- _Your assignment_: Below are the entries. Transcribe exactly the lines from the one with "Definition inner (x" through the one with "ex_series (fun k", ends included, and leave out all others.

----

(* Let $\mathcal{X}=\{x_k\}_{k=1}^\infty$ be a frame for the real Hilbert space $\ell_2$. The following are equivalent: (1) $\mathcal{X}$ is injective; (2) $\overline{\mathrm{span}}\{\tilde{x}_k\}_{k=1}^\infty=\tilde{\mathbb{H}}$.
   Context: A family $\{x_k\}$ is called injective if whenever a Hilbert–Schmidt self-adjoint operator $T$ on $\ell_2$ satisfies $\langle Tx_k,x_k\rangle=0$ for all $k$, then $T=0$. Let $\tilde{\mathbb{H}}=\left(\sum_{i=1}^\infty\oplus\ell_2\right)_{\ell_2}$ be the $\ell_2$-direct sum of countably many copies of real $\ell_2$, with elements $\vec{x}=(\vec{x}_1,\vec{x}_2,\dots)$ and inner product $\langle\vec{x},\vec{y}\rangle=\sum_i\langle\vec{x}_i,\vec{y}_i\rangle$. For $x=(x_i)_{i=1}^\infty\in\ell_2$ (real), define $\tilde{x}=(\vec{x}_1,\vec{x}_2,\dots)\in\tilde{\mathbb{H}}$ where $\vec{x}_n=(x_nx_n,x_nx_{n+1},x_nx_{n+2},\dots)$ for each $n$. *)

From Stdlib Require Import Reals Lra.
From Coquelicot Require Import Coquelicot.
Open Scope R_scope.

(* Real sequences; l2 = square-summable sequences (indices start at 0). *)
Definition l2 (x : nat -> R) : Prop := ex_series (fun i => (x i) ^ 2).
Definition norm2 (x : nat -> R) : R := Series (fun i => (x i) ^ 2).
Definition inner (x y : nat -> R) : R := Series (fun i => x i * y i).

Definition unitv (j : nat) : nat -> R := fun i => if Nat.eqb i j then 1 else 0.

Definition is_frame (X : nat -> nat -> R) : Prop :=
  (forall k, l2 (X k)) /\
  exists A B : R, 0 < A /\ 0 < B /\
    forall x, l2 x ->
      ex_series (fun k => (inner x (X k)) ^ 2) /\
      A * norm2 x <= Series (fun k => (inner x (X k)) ^ 2) /\
      Series (fun k => (inner x (X k)) ^ 2) <= B * norm2 x.

(* Hilbert-Schmidt self-adjoint (bounded linear) operator on l2,
   represented as a map on sequences whose behaviour on l2 is what matters. *)
Definition is_HS_selfadjoint (T : (nat -> R) -> (nat -> R)) : Prop :=
  (forall x, l2 x -> l2 (T x)) /\
  (forall (a : R) x y, l2 x -> l2 y ->
      T (fun i => a * x i + y i) = (fun i => a * T x i + T y i)) /\
  (exists C : R, forall x, l2 x -> norm2 (T x) <= C * norm2 x) /\
  ex_series (fun j => norm2 (T (unitv j))) /\
  (forall x y, l2 x -> l2 y -> inner (T x) y = inner x (T y)).

Definition injective_family (X : nat -> nat -> R) : Prop :=
  forall T, is_HS_selfadjoint T ->
    (forall k, inner (T (X k)) (X k) = 0) ->
    forall x, l2 x -> T x = (fun _ => 0).

(* The l2-direct sum H~ of countably many copies of l2:
   y : nat -> (nat -> R), y n = the n-th component. *)
Definition in_Htilde (y : nat -> nat -> R) : Prop :=
  (forall n, l2 (y n)) /\ ex_series (fun n => norm2 (y n)).
Definition normH2 (y : nat -> nat -> R) : R := Series (fun n => norm2 (y n)).

Definition tilde (x : nat -> R) : nat -> nat -> R := fun n m => x n * x (n + m)%nat.

Fixpoint lincomb (X : nat -> nat -> R) (c : nat -> R) (N : nat) : nat -> nat -> R :=
  match N with
  | O => fun _ _ => 0
  | S N' => fun n m => lincomb X c N' n m + c N' * tilde (X N') n m
  end.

----

- _Problem solution_:
Definition inner (x y : nat -> R) : R := Series (fun i => x i * y i).

Definition unitv (j : nat) : nat -> R := fun i => if Nat.eqb i j then 1 else 0.

Definition is_frame (X : nat -> nat -> R) : Prop :=
  (forall k, l2 (X k)) /\
  exists A B : R, 0 < A /\ 0 < B /\
    forall x, l2 x ->
      ex_series (fun k => (inner x (X k)) ^ 2) /\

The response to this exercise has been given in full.